Collected data

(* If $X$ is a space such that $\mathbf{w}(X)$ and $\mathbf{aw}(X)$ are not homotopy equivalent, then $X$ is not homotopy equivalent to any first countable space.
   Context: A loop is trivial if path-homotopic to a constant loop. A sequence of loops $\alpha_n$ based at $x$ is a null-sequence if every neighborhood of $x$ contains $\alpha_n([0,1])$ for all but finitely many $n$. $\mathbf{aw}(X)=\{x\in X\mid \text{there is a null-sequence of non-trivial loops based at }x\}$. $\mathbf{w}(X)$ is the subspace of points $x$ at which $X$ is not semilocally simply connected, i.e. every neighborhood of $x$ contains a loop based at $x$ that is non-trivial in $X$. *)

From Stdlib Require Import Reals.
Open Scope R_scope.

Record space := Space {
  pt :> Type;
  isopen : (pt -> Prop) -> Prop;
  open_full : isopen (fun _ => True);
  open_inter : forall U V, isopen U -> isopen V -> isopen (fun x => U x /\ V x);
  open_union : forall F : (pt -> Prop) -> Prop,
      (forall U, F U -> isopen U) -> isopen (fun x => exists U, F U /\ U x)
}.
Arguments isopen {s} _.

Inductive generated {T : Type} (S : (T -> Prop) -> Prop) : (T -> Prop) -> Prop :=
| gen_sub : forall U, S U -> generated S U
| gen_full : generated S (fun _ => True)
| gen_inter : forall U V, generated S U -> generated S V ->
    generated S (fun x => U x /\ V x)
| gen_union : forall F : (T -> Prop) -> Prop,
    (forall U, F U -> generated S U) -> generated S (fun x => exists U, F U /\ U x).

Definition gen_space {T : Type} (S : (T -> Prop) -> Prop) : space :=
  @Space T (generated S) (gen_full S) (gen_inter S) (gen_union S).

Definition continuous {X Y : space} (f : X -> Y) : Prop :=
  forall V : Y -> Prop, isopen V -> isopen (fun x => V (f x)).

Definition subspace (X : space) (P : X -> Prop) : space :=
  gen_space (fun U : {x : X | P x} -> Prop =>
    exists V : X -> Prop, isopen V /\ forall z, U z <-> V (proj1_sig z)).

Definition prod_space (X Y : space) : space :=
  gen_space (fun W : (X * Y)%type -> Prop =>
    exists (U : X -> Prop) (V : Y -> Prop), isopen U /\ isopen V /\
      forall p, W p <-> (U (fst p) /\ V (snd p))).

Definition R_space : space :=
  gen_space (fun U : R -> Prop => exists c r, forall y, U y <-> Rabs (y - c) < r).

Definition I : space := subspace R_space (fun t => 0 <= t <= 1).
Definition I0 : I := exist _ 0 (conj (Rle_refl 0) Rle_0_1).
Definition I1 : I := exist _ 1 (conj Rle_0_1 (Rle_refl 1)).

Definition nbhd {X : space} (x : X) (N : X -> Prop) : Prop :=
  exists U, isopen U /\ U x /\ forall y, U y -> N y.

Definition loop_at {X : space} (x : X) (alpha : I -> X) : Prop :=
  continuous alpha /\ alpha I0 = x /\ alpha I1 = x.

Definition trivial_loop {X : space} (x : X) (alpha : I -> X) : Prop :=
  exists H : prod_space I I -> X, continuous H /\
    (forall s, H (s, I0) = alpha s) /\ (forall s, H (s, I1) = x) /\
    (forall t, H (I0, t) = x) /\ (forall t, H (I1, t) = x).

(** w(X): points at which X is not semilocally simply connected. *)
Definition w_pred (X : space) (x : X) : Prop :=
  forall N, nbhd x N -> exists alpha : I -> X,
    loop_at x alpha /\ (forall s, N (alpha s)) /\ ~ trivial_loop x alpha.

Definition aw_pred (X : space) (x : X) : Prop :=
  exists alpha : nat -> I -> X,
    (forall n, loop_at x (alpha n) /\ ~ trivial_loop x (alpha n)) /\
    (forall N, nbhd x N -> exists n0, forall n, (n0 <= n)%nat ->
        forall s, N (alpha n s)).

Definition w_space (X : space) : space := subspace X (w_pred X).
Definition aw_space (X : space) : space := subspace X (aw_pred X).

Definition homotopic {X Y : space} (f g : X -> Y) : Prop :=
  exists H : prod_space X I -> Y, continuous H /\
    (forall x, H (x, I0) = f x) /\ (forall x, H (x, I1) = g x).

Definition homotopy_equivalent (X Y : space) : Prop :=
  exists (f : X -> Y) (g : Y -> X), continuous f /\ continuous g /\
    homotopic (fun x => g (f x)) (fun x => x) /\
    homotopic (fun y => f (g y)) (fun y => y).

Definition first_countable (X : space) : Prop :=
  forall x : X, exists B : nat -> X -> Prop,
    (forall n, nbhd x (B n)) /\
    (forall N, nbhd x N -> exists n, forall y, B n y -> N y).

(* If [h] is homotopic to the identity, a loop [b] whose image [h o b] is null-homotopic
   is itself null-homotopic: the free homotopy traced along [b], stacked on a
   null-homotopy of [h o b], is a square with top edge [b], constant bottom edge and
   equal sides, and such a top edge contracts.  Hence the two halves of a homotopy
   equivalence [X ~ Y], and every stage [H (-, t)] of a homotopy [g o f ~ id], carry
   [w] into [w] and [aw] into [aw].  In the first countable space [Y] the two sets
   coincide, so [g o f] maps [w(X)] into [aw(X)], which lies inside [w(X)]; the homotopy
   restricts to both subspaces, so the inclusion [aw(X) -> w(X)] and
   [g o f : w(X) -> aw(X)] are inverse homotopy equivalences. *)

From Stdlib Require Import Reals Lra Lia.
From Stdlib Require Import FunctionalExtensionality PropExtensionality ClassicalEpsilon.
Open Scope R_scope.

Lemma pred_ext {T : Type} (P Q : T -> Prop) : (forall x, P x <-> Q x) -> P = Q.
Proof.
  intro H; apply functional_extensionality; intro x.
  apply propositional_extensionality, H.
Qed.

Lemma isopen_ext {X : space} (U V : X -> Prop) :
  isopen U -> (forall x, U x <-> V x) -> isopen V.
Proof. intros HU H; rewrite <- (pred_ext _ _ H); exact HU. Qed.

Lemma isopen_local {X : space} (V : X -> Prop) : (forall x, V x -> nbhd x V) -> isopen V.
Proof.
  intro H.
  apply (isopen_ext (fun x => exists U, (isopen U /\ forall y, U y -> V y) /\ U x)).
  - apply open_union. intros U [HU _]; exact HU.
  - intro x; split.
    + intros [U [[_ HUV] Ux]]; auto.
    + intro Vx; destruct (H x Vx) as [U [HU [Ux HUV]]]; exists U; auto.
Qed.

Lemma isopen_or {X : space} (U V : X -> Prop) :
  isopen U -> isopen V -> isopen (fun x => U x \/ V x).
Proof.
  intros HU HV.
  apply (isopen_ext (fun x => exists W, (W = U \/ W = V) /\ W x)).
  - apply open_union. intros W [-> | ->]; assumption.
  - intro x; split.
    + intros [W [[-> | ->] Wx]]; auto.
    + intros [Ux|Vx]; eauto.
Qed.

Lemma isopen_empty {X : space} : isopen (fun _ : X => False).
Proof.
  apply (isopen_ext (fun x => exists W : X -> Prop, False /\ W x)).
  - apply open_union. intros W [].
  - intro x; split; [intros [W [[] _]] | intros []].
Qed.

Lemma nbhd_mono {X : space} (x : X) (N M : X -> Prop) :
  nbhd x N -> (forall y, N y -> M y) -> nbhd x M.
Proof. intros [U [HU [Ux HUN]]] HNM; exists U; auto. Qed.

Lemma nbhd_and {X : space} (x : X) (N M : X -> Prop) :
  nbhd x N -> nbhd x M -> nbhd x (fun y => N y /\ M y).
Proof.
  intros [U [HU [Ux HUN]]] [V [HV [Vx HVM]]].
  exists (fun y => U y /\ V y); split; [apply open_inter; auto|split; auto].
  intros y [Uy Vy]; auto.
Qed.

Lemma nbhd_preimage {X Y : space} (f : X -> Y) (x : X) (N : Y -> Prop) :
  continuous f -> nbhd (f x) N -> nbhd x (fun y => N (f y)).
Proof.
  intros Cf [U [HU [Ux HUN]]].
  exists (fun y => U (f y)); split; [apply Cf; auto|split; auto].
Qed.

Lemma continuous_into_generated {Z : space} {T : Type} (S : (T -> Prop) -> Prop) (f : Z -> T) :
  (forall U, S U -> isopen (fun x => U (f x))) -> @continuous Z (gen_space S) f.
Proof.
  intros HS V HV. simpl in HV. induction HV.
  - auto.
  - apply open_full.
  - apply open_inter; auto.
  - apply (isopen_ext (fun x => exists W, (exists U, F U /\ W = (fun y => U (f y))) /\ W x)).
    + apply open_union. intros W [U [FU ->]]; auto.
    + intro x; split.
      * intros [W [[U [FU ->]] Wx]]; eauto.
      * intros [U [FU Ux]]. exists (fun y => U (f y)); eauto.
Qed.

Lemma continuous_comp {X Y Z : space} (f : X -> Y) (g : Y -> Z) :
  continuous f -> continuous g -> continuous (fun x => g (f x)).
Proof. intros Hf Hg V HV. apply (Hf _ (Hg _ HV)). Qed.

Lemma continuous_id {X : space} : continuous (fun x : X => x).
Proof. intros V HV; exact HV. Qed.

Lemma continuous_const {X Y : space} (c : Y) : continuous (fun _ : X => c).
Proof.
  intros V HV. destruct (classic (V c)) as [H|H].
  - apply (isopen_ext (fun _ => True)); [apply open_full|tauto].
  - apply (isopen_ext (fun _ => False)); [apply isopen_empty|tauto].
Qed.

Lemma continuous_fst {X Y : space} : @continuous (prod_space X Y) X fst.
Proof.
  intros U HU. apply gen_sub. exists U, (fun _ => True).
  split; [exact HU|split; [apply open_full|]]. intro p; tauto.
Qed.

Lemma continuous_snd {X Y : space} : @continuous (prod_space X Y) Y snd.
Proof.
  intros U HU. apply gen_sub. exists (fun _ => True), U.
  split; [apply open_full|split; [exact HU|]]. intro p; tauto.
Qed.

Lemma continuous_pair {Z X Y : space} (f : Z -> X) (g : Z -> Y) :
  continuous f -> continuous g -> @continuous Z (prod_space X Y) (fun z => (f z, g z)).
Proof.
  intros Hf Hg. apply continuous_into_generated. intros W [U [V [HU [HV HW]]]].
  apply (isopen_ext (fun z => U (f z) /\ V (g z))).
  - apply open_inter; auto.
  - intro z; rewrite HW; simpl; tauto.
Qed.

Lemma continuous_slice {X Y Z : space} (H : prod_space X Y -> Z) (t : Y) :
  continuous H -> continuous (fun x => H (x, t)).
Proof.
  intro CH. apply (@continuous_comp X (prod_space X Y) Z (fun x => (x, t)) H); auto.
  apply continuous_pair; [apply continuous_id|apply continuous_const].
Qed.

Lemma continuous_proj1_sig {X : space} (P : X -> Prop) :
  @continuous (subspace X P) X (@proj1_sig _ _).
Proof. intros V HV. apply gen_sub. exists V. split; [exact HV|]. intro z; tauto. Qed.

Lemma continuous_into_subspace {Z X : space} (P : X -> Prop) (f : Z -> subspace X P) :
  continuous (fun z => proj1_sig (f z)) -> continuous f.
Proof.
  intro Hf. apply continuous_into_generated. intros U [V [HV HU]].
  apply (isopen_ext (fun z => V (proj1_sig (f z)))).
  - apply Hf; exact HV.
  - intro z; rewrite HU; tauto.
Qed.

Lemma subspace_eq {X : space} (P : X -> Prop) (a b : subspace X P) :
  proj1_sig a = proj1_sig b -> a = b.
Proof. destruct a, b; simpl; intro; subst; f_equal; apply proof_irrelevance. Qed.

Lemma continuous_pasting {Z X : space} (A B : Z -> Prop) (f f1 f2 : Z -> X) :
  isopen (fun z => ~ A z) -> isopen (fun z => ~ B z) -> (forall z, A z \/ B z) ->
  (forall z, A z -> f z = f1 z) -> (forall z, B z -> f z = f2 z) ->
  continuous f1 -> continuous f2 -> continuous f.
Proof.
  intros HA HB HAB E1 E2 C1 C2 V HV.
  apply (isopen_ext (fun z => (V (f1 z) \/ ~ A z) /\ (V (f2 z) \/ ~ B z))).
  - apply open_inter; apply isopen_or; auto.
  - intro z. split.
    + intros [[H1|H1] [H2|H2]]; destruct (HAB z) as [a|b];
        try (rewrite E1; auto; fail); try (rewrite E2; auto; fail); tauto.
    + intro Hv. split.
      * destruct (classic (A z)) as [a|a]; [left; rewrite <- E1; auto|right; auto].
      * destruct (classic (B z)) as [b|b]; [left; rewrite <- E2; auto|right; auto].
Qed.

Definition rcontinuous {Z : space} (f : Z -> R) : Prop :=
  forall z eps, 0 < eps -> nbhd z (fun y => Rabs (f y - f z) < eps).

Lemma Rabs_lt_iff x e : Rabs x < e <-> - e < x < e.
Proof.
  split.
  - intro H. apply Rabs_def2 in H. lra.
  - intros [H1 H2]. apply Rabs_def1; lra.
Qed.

WHAT TO PRODUCE
Find the word "which" in the entries, and copy every line it shows up in.

TASK RESULT
   Context: A loop is trivial if path-homotopic to a constant loop. A sequence of loops $\alpha_n$ based at $x$ is a null-sequence if every neighborhood of $x$ contains $\alpha_n([0,1])$ for all but finitely many $n$. $\mathbf{aw}(X)=\{x\in X\mid \text{there is a null-sequence of non-trivial loops based at }x\}$. $\mathbf{w}(X)$ is the subspace of points $x$ at which $X$ is not semilocally simply connected, i.e. every neighborhood of $x$ contains a loop based at $x$ that is non-trivial in $X$. *)
(** w(X): points at which X is not semilocally simply connected. *)
   coincide, so [g o f] maps [w(X)] into [aw(X)], which lies inside [w(X)]; the homotopy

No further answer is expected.